• YOUR GOAL
When the line containing "Lemma pairwise_le_common_point (I" is found in the data below, copy it and each line after it through the line containing "Definition clamp (lo", exactly and with no others.

--- EXCERPTED RECORDS Enclosed Below ---

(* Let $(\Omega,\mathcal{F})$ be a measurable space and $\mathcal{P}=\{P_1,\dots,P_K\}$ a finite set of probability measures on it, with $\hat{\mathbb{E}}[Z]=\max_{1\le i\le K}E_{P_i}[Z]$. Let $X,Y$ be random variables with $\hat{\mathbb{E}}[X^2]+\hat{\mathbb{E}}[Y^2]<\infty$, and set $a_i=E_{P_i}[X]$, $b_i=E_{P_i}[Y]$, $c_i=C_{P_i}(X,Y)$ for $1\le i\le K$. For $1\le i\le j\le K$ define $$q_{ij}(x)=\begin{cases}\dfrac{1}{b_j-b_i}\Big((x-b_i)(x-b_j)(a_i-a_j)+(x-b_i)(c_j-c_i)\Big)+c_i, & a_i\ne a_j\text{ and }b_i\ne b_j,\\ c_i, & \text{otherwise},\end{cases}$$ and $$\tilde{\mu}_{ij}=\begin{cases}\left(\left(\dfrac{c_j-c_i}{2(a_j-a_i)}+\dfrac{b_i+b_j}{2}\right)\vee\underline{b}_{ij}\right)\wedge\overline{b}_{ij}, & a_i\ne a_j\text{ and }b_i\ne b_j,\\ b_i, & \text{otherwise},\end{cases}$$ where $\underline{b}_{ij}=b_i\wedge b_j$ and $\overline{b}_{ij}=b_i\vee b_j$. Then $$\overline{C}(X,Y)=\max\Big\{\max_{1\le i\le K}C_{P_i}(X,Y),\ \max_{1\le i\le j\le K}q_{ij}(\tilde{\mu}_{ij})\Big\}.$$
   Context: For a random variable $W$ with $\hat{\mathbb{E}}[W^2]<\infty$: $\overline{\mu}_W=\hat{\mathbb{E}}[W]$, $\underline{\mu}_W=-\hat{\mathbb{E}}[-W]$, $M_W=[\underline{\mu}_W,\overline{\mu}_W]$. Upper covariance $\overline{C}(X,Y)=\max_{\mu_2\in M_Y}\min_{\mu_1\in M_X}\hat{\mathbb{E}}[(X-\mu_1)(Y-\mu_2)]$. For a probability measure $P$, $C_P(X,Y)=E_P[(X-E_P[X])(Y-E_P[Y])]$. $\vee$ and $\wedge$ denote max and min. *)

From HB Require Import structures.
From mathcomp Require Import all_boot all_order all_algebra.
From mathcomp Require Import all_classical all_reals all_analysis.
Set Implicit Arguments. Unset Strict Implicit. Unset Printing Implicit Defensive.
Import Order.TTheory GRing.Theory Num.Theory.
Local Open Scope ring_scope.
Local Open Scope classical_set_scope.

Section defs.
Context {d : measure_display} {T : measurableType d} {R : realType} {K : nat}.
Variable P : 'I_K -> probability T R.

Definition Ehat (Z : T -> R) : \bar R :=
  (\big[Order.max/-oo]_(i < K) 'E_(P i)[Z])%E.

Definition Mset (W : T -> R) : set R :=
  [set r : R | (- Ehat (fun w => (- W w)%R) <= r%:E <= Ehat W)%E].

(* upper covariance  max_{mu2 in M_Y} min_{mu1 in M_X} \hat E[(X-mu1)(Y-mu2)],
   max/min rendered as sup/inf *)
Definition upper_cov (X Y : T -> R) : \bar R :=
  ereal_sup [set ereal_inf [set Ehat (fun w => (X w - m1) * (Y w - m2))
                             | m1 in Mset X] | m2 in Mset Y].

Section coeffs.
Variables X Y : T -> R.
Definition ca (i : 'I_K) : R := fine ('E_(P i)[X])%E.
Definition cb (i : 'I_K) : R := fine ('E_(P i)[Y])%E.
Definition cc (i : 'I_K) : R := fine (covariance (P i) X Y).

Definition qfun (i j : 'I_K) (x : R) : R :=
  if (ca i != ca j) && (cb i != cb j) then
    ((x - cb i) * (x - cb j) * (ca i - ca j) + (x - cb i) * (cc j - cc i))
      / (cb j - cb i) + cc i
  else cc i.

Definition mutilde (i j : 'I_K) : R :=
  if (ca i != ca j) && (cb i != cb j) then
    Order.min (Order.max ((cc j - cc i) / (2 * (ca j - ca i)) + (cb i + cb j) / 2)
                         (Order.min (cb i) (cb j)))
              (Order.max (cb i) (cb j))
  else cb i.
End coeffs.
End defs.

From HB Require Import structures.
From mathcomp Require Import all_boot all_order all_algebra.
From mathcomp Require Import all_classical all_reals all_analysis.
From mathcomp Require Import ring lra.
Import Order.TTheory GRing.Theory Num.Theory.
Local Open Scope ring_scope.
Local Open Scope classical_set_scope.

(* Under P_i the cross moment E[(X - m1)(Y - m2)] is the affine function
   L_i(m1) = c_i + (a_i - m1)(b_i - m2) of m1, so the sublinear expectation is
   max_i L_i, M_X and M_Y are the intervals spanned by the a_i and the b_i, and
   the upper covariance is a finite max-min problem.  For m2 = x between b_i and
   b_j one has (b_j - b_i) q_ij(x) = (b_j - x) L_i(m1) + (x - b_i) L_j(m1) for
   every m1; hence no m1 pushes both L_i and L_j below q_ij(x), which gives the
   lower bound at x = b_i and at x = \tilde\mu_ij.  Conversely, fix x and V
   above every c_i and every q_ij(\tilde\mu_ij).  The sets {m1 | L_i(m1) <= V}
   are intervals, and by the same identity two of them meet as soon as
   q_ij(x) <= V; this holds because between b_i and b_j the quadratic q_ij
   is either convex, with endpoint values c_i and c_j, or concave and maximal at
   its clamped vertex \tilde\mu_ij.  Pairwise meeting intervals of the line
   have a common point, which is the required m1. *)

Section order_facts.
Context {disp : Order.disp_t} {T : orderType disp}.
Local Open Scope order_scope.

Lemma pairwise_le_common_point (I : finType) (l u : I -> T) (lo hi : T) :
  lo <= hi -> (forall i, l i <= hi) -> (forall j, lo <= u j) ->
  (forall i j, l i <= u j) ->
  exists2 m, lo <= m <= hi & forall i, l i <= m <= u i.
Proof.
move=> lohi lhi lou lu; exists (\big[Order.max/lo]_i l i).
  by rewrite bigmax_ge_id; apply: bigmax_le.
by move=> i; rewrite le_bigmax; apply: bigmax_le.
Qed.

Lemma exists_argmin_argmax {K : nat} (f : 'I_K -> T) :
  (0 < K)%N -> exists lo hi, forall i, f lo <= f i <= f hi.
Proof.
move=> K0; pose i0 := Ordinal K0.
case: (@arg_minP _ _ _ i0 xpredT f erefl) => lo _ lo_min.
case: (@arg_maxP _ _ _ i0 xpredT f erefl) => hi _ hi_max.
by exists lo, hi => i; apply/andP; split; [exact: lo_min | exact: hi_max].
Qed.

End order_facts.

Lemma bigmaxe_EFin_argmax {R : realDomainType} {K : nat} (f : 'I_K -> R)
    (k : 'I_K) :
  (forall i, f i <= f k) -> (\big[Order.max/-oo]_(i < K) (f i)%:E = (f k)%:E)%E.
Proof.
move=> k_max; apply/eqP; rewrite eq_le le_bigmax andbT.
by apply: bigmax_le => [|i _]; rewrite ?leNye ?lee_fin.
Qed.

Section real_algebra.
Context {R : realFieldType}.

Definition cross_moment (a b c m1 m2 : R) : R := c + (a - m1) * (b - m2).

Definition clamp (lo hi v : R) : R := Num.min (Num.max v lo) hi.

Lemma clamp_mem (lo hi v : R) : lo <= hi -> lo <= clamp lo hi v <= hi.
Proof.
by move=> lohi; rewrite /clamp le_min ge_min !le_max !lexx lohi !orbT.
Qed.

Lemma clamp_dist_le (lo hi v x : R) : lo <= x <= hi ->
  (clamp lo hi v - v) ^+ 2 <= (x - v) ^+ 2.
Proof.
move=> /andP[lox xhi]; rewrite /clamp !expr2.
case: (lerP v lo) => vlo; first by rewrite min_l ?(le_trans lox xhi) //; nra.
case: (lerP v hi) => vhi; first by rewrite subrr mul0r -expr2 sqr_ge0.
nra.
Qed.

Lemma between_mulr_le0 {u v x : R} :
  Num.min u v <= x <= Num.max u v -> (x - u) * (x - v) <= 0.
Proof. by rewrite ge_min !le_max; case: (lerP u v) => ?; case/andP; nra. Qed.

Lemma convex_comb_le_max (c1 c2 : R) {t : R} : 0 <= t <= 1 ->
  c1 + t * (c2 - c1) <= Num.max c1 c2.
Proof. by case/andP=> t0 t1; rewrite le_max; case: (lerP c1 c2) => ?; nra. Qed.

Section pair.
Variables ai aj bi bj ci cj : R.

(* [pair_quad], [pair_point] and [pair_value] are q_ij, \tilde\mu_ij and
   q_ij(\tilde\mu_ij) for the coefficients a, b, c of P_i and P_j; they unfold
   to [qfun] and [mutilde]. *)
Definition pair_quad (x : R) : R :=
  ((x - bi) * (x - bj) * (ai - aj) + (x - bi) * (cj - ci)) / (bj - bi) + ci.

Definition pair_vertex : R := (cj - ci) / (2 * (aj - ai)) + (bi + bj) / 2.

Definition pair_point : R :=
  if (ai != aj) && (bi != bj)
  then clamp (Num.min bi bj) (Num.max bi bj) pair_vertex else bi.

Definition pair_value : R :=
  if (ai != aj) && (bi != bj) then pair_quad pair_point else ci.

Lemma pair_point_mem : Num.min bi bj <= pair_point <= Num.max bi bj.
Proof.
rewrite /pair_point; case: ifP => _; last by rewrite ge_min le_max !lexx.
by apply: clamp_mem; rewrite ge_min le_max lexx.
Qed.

--- End of Enclosed EXCERPTED RECORDS ---

• RESPONSE BOX
Lemma pairwise_le_common_point (I : finType) (l u : I -> T) (lo hi : T) :
  lo <= hi -> (forall i, l i <= hi) -> (forall j, lo <= u j) ->
  (forall i j, l i <= u j) ->
  exists2 m, lo <= m <= hi & forall i, l i <= m <= u i.
Proof.
move=> lohi lhi lou lu; exists (\big[Order.max/lo]_i l i).
  by rewrite bigmax_ge_id; apply: bigmax_le.
by move=> i; rewrite le_bigmax; apply: bigmax_le.
Qed.

Lemma exists_argmin_argmax {K : nat} (f : 'I_K -> T) :
  (0 < K)%N -> exists lo hi, forall i, f lo <= f i <= f hi.
Proof.
move=> K0; pose i0 := Ordinal K0.
case: (@arg_minP _ _ _ i0 xpredT f erefl) => lo _ lo_min.
case: (@arg_maxP _ _ _ i0 xpredT f erefl) => hi _ hi_max.
by exists lo, hi => i; apply/andP; split; [exact: lo_min | exact: hi_max].
Qed.

End order_facts.

Lemma bigmaxe_EFin_argmax {R : realDomainType} {K : nat} (f : 'I_K -> R)
    (k : 'I_K) :
  (forall i, f i <= f k) -> (\big[Order.max/-oo]_(i < K) (f i)%:E = (f k)%:E)%E.
Proof.
move=> k_max; apply/eqP; rewrite eq_le le_bigmax andbT.
by apply: bigmax_le => [|i _]; rewrite ?leNye ?lee_fin.
Qed.

Section real_algebra.
Context {R : realFieldType}.

Definition cross_moment (a b c m1 m2 : R) : R := c + (a - m1) * (b - m2).

Definition clamp (lo hi v : R) : R := Num.min (Num.max v lo) hi.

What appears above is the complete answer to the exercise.